Data Synchronization:

  • SQL Data Sync: Bi-directional sync (Azure <-> On-Prem). No transactional consistency.
  • Elastic Jobs: Run T-SQL across many Azure SQL DBs.

Open Source PaaS:

  • PostgreSQL: Hyperscale (Citus) for multi-tenant/analytics.
  • MySQL: Lift and shift for LAMP stack.

5. Monitoring & Optimization

A. Tools & Metrics

Baselines: Standard metric set to distinguish anomalies from normal usage. Windows PerfMon (IaaS):

  • Page Life Expectancy (PLE): How long data stays in memory. Low = Memory Pressure.
  • Processor Queue Length: CPU pressure.
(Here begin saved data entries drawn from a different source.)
(* Let $\widetilde{A}$ be a $\Lambda$-standard weight algebra over the DVR $\mathcal{O}$, let $\widetilde{N}$ be an $\widetilde{A}$-lattice, $\lambda\in\Lambda$ and $v\in\widetilde{N}_\lambda$. (a) $v$ is $\lambda$-primitive if and only if $v\notin\widetilde{N}\cap\widetilde{N}'_K(\lambda)$ and $\mathcal{O}v+(\widetilde{N}\cap\widetilde{N}'_K(\lambda))$ is $\mathcal{O}$-pure in $\widetilde{N}$. (b) $v$ is strongly $\lambda$-primitive if and only if there is a non-negative integer $i$ such that $v\in\widetilde{\operatorname{rad}}^i\widetilde{N}$, $v\notin\widetilde{N}\cap(\operatorname{rad}^{i+1}\widetilde{N}_K+\widetilde{N}'_K(\lambda))$, and $\mathcal{O}v+\widetilde{N}\cap(\operatorname{rad}^{i+1}\widetilde{N}_K+\widetilde{N}'_K(\lambda))$ is $\mathcal{O}$-pure in $\widetilde{N}$. (c) If $v$ is strongly $\lambda$-primitive, it is $\lambda$-primitive.
   Context: $\mathcal{O}$ is a DVR with fraction field $K$ and residue field $k$. $\widetilde{A}$ is an $\mathcal{O}$-free finite $\mathcal{O}$-algebra with orthogonal idempotents $e_\nu$ ($\nu\in X$) summing to $1$ making it a $\Lambda$-standard weight algebra: for $\Lambda\subseteq X$ partially ordered, the irreducible $\widetilde{A}_K$-modules $L_K(\lambda)$ and $\widetilde{A}_k$-modules $L(\lambda)$ are both indexed by $\Lambda$, with $\dim e_\lambda L_K(\lambda)=\dim e_\lambda L(\lambda)=1$ and, for $\mu\in\Lambda$, $e_\mu L_K(\lambda)\ne0$ or $e_\mu L(\lambda)\neq0$ implies $\mu\le\lambda$. For a module $M$, $M_\nu=e_\nu M$. An $\widetilde{A}$-lattice is $\mathcal{O}$-finite and torsion-free; a submodule $\widetilde{S}\subseteq\widetilde{M}$ is pure if $\widetilde{M}/\widetilde{S}$ is torsion-free. $\operatorname{rad}^i\widetilde{N}_K=(\operatorname{rad}\widetilde{A}_K)^i\widetilde{N}_K$, $\widetilde{\operatorname{rad}}^i\widetilde{N}=\widetilde{N}\cap\operatorname{rad}^i\widetilde{N}_K$, $\operatorname{gr}\widetilde{N}=\bigoplus_i\widetilde{\operatorname{rad}}^i\widetilde{N}/\widetilde{\operatorname{rad}}^{i+1}\widetilde{N}$. $\widetilde{N}'_K(\lambda)$ is the $\widetilde{A}_K$-submodule of $\widetilde{N}_K$ generated by all $\mu$-weight vectors with $\mu\in\Lambda$, $\mu>\lambda$. $v\in\widetilde{N}_\lambda$ is $\lambda$-primitive if the image of $\mathcal{O}v$ in $\widetilde{N}/(\widetilde{N}\cap\widetilde{N}'_K(\lambda))$ is nonzero and pure. $v$ is strongly $\lambda$-primitive if for some $i\ge0$ with $v\in\widetilde{\operatorname{rad}}^i\widetilde{N}$, its class $[v]\in(\operatorname{gr}\widetilde{N})_i$ has the property that the image of $\mathcal{O}[v]$ in $\operatorname{gr}(\widetilde{N}/(\widetilde{N}\cap\widetilde{N}'_K(\lambda)))$ (under the natural map) is nonzero and pure. *)

From HB Require Import structures.
From mathcomp Require Import all_boot all_order all_algebra all_field.
Set Implicit Arguments. Unset Strict Implicit. Unset Printing Implicit Defensive.
Import GRing.Theory.
Local Open Scope ring_scope.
Azure Monitor: Collects metrics for all Azure resources (CPU, Storage, I/O). Data retained 93 days. Azure SQL Insights: Uses a dedicated VM (Collection Agent) to send telemetry to Azure Log Analytics.
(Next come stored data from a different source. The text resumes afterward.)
Definition distmx (G : sgraph) : 'M[rat]_(nv G) :=
  \matrix_(i, j) ((dist G i j)%:R)%R.

Definition D_cospectral (G1 G2 : sgraph) : Prop :=
  char_poly (distmx G1) = char_poly (distmx G2).

Definition isomorphic (G1 G2 : sgraph) : Prop :=
  exists f : 'I_(nv G1) -> 'I_(nv G2),
    bijective f /\ forall x y, adj G2 (f x) (f y) = adj G1 x y.

(* K^h_n : K_h on {0..h-1}, with pendant vertices h..n-1 attached to 0 *)
Definition Kh (h n : nat) : sgraph :=
  @SGraph n (fun x y : 'I_n => (x != y) &&
    [|| (x < h) && (y < h), (x == 0 :> nat) && (h <= y) | (y == 0 :> nat) && (h <= x)]).

(* K^{s+t}_n (n = s+t): K_s on {0..s-1}, K_t on {s..s+t-1}, plus edge 0-s *)
Definition Ksplus (s t : nat) : sgraph :=
  @SGraph (s + t) (fun x y : 'I_(s + t) => (x != y) &&
    [|| (x < s) && (y < s), (s <= x) && (s <= y),
        (x == 0 :> nat) && (y == s :> nat) | (x == s :> nat) && (y == 0 :> nat)]).

(* K^{s,t}_n (n = s+t-1): K_s on {0..s-1}, K_t on {0} u {s..s+t-2}; vertex 0 shared *)
Definition Kscomma (s t : nat) : sgraph :=
  @SGraph (s + t - 1) (fun x y : 'I_(s + t - 1) => (x != y) &&
    (((x < s) && (y < s)) ||
     (((x == 0 :> nat) || (s <= x)) && ((y == 0 :> nat) || (s <= y))))).

Definition in_families (G : sgraph) : Prop :=
  (exists h n, 3 <= h /\ h <= n - 1 /\ G = Kh h n) \/
  (exists s t, 2 <= s /\ 2 <= t /\ G = Ksplus s t) \/
  (exists s t, 2 <= s /\ 2 <= t /\ G = Kscomma s t).

(* Each graph of the three families has a partition of its vertices (the hub, the rest
   of the first clique, ...) such that the distance between two distinct vertices only
   depends on their cells. Writing [D + c] as a diagonal matrix plus a low-rank matrix,
   Sylvester's identity [det (1 + XY) = det (1 + YX)] reduces [det (D + c)] to a 3x3 or
   4x4 determinant and yields [char_poly (- D) = (X - 1)^A (X - 2)^B q] with [q] a cubic
   or quartic not vanishing at 1 and 2. The multiplicities [A], [B] and a coefficient
   of [q] recover the parameters, up to the isomorphisms
   [K^{s+t} = K^{t+s}], [K^{s,t} = K^{t,s}] and [K^{n-1}_n = K^{n-1,2}]. *)

From mathcomp Require Import all_boot all_order all_algebra.
From mathcomp Require Import zify ring lra.
Import GRing.Theory Num.Theory.

Lemma reachS (G : sgraph) k x :
  reach G k.+1 x = reach G k x :|: [set z | [exists y in reach G k x, adj G y z]].
Proof. by rewrite /reach iterS. Qed.

Lemma find_iota_leq m s n : s <= m < s + n ->
  find (fun k => m <= k) (iota s n) = m - s.
Proof.
elim: n s => [|n IHn] s /=; first lia.
by move=> lt_m; case: ifP => le_ms; [lia | rewrite IHn; lia].
Qed.

Lemma eq_dist (G : sgraph) (f : 'I_(nv G) -> 'I_(nv G) -> nat) :
  (forall x y, (f x y == 0) = (x == y)) ->
  (forall x z y, adj G z y -> f x y <= (f x z).+1) ->
  (forall x y, 0 < f x y -> exists2 z, adj G z y & (f x z).+1 = f x y) ->
  (forall x y, f x y < nv G) ->
  forall x y, dist G x y = f x y.
Proof.
move=> f0 f_lip f_pred f_lt x y.
have reachE k : reach G k x = [set z | f x z <= k].
  elim: k => [|k IHk].
    by apply/setP=> z; rewrite /reach /= !inE leqn0 f0 eq_sym.
  rewrite reachS IHk; apply/setP=> z; rewrite !inE; apply/idP/idP.
    case/orP=> [le_zk|/existsP[w /andP[]]]; first lia.
    by rewrite inE => le_wk /(f_lip x) le_z; lia.
  move=> le_zSk; have [le_zk|gt_zk] := leqP (f x z) k; first by apply/orP; left.
  have [w adj_wz f_wz] := f_pred x z (leq_ltn_trans (leq0n k) gt_zk).
  by apply/orP; right; apply/existsP; exists w; rewrite inE adj_wz andbT; lia.
rewrite /dist (@eq_find _ _ (fun k => f x y <= k)); last by move=> k; rewrite reachE inE.
by rewrite find_iota_leq ?subn0 //; have := f_lt x y; lia.
Qed.

Lemma eq_dist_nat (G : sgraph) (e : rel nat) (f w : nat -> nat -> nat) :
  (forall x y : 'I_(nv G), adj G x y = e x y) ->
  (forall x y, x < nv G -> y < nv G -> (f x y == 0) = (x == y)) ->
  (forall x z y, x < nv G -> z < nv G -> y < nv G -> e z y -> f x y <= (f x z).+1) ->
  (forall x y, x < nv G -> y < nv G -> 0 < f x y ->
     [&& w x y < nv G, e (w x y) y & (f x (w x y)).+1 == f x y]) ->
  (forall x y, x < nv G -> y < nv G -> f x y < nv G) ->
  forall x y : 'I_(nv G), dist G x y = f x y.
Proof.
move=> adjE f0 f_lip w_pred f_lt.
apply: (@eq_dist G (fun x y : 'I_(nv G) => f x y)).
- by move=> x y; rewrite f0.
- by move=> x z y; rewrite adjE; apply: f_lip.
- move=> x y f_gt0; have /and3P[w_lt e_wy /eqP f_w] := w_pred x y (ltn_ord _) (ltn_ord _) f_gt0.
  by exists (Ordinal w_lt); rewrite ?adjE.
- by move=> x y; apply: f_lt.
Qed.

Lemma dist_xx (G : sgraph) x : dist G x x = 0.
Proof.
by rewrite /dist -[X in iota 0 X](ltn_predK (ltn_ord x)) /= /reach /= inE eqxx.
Qed.

(* The predecessor of [y] on a geodesic from [x]: [x] itself, or the hub [0]. *)
Definition hub_pred (f : nat -> nat -> nat) (x y : nat) : nat :=
  if f x y == 1 then x else 0.

Definition Kh_adj (h x y : nat) : bool := (x != y) &&
  [|| (x < h) && (y < h), (x == 0) && (h <= y) | (y == 0) && (h <= x)].

Definition Kh_dist (h x y : nat) : nat :=
  if x == y then 0 else if [|| x == 0, y == 0 | (x < h) && (y < h)] then 1 else 2.

Lemma dist_Kh h n : 3 <= h -> h <= n - 1 ->
  forall x y : 'I_(nv (Kh h n)), dist (Kh h n) x y = Kh_dist h x y.
Proof.
move=> h_ge3 h_le.
apply: (@eq_dist_nat _ (Kh_adj h) _ (hub_pred (Kh_dist h))) => //=;
  rewrite /Kh_adj /Kh_dist /hub_pred => x y; try move=> z; repeat (case: ifP => /=); lia.
Qed.

Definition Kscomma_adj (s x y : nat) : bool := (x != y) &&
  (((x < s) && (y < s)) || (((x == 0) || (s <= x)) && ((y == 0) || (s <= y)))).

Definition Kscomma_dist (s x y : nat) : nat :=
  if x == y then 0 else if [|| x == 0, y == 0 | (x < s) == (y < s)] then 1 else 2.

Lemma dist_Kscomma s t : 2 <= s -> 2 <= t ->
  forall x y : 'I_(nv (Kscomma s t)), dist (Kscomma s t) x y = Kscomma_dist s x y.
Proof.
move=> s_ge2 t_ge2.
apply: (@eq_dist_nat _ (Kscomma_adj s) _ (hub_pred (Kscomma_dist s))) => //=;
  rewrite /Kscomma_adj /Kscomma_dist /hub_pred => x y; try move=> z;
  repeat (case: ifP => /=); lia.
Qed.

Definition Ksplus_adj (s x y : nat) : bool := (x != y) &&
  [|| (x < s) && (y < s), (s <= x) && (s <= y),
      (x == 0) && (y == s) | (x == s) && (y == 0)].

(* A path from [x < s] to [y >= s] goes [x] - [0] - [s] - [y]. *)
Definition Ksplus_cross (s x y : nat) : nat := (x != 0) + (y != s) + 1.

Definition Ksplus_dist (s x y : nat) : nat :=
  if x == y then 0 else if (x < s) == (y < s) then 1
  else if x < s then Ksplus_cross s x y else Ksplus_cross s y x.

Definition Ksplus_pred (s x y : nat) : nat :=
  if Ksplus_dist s x y == 1 then x
  else if x < s then (if y == s then 0 else s) else (if y == 0 then s else 0).

Lemma dist_Ksplus s t : 2 <= s -> 2 <= t ->
  forall x y : 'I_(nv (Ksplus s t)), dist (Ksplus s t) x y = Ksplus_dist s x y.
Proof.
move=> s_ge2 t_ge2.
apply: (@eq_dist_nat _ (Ksplus_adj s) _ (Ksplus_pred s)) => //=;
  rewrite /Ksplus_pred /Ksplus_adj /Ksplus_dist /Ksplus_cross => x y; try move=> z;
  repeat (case: ifP => /=); lia.
Qed.

Lemma isomorphic_nat (G1 G2 : sgraph) (e1 e2 : rel nat) (g g' : nat -> nat) :
  (forall x y : 'I_(nv G1), adj G1 x y = e1 x y) ->
  (forall x y : 'I_(nv G2), adj G2 x y = e2 x y) ->
  (forall x, x < nv G1 -> g x < nv G2) -> (forall y, y < nv G2 -> g' y < nv G1) ->
  (forall x, x < nv G1 -> g' (g x) = x) -> (forall y, y < nv G2 -> g (g' y) = y) ->
  (forall x y, x < nv G1 -> y < nv G1 -> e2 (g x) (g y) = e1 x y) -> isomorphic G1 G2.
Proof.
move=> adj1E adj2E g_lt g'_lt gK g'K e_g.
exists (fun x : 'I_(nv G1) => Ordinal (g_lt x (ltn_ord x))); split.
  exists (fun y : 'I_(nv G2) => Ordinal (g'_lt y (ltn_ord y))).
    by move=> x; apply: val_inj; rewrite /= gK.
  by move=> y; apply: val_inj; rewrite /= g'K.
by move=> x y; rewrite adj1E adj2E /= e_g.
Qed.

Lemma isomorphic_refl G : isomorphic G G.
Proof. by exists id; split => //; exists id. Qed.

Lemma isomorphic_sym G1 G2 : isomorphic G1 G2 -> isomorphic G2 G1.
Proof.
case=> f [[g fK gK] adj_f]; exists g; split; first by exists f.
by move=> x y; rewrite -adj_f !gK.
Qed.

Lemma isomorphic_trans G1 G2 G3 :
  isomorphic G1 G2 -> isomorphic G2 G3 -> isomorphic G1 G3.
Proof.
case=> f [[f' fK f'K] adj_f] [g [[g' gK g'K] adj_g]].
exists (g \o f); split; last by move=> x y /=; rewrite adj_g adj_f.
by exists (f' \o g') => x /=; rewrite ?gK ?fK ?g'K ?f'K.
Qed.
B. Extended Events (XEvents)

  • Lightweight diagnostic system, replaces SQL Profiler.
  • Channels: Admin, Operational, Analytical, Debug.
  • Targets:
    • Ring Buffer: Memory only, non-persistent (data lost on restart).
    • Event File: Writes to disk (persisted).

C. Performance Features

Query Store: “Flight recorder” for queries. Aggregates runtime stats. Used to find regressed queries. Automatic Tuning:

  • Force Plan: Auto-fixes performance regression (Force Last Good Plan).
  • Create Index: Auto-adds missing indexes (Azure SQL DB).
  • Drop Index: Auto-removes unused indexes (Azure SQL DB).
  • Intelligent Query Processing (IQP):
  • Batch Mode on Row Store: Faster calculations for large rows.
  • Approximate Count Distinct: Fast estimation for big data.
  • Scalar UDF Inlining: Optimizes user-defined functions.

D. Resource Management

Resource Governor: Limits CPU, Memory, IOPS for specific workloads. Uses Classifier Functions to sort sessions into Workload Groups and Resource Pools. TempDB Best Practices:

  • Place on local SSD (D: drive on VM).
  • Create 1 data file per CPU core (up to 8 files).
  • All files should be same size/autogrowth.

E. Maintenance

Index Fragmentation:

  • Reorganize: Fragmentation 5% – 30%. Online operation. Compacts pages.
  • Rebuild: Fragmentation > 30%. Offline (usually). Updates statistics.
  • Statistics: Used by optimizer to build plans. Update when data changes significantly.
  • Job Scheduling:
    • VM/Managed Instance: SQL Agent.
    • Azure SQL DB: Azure Automation Runbooks or Elastic Jobs (No SQL Agent).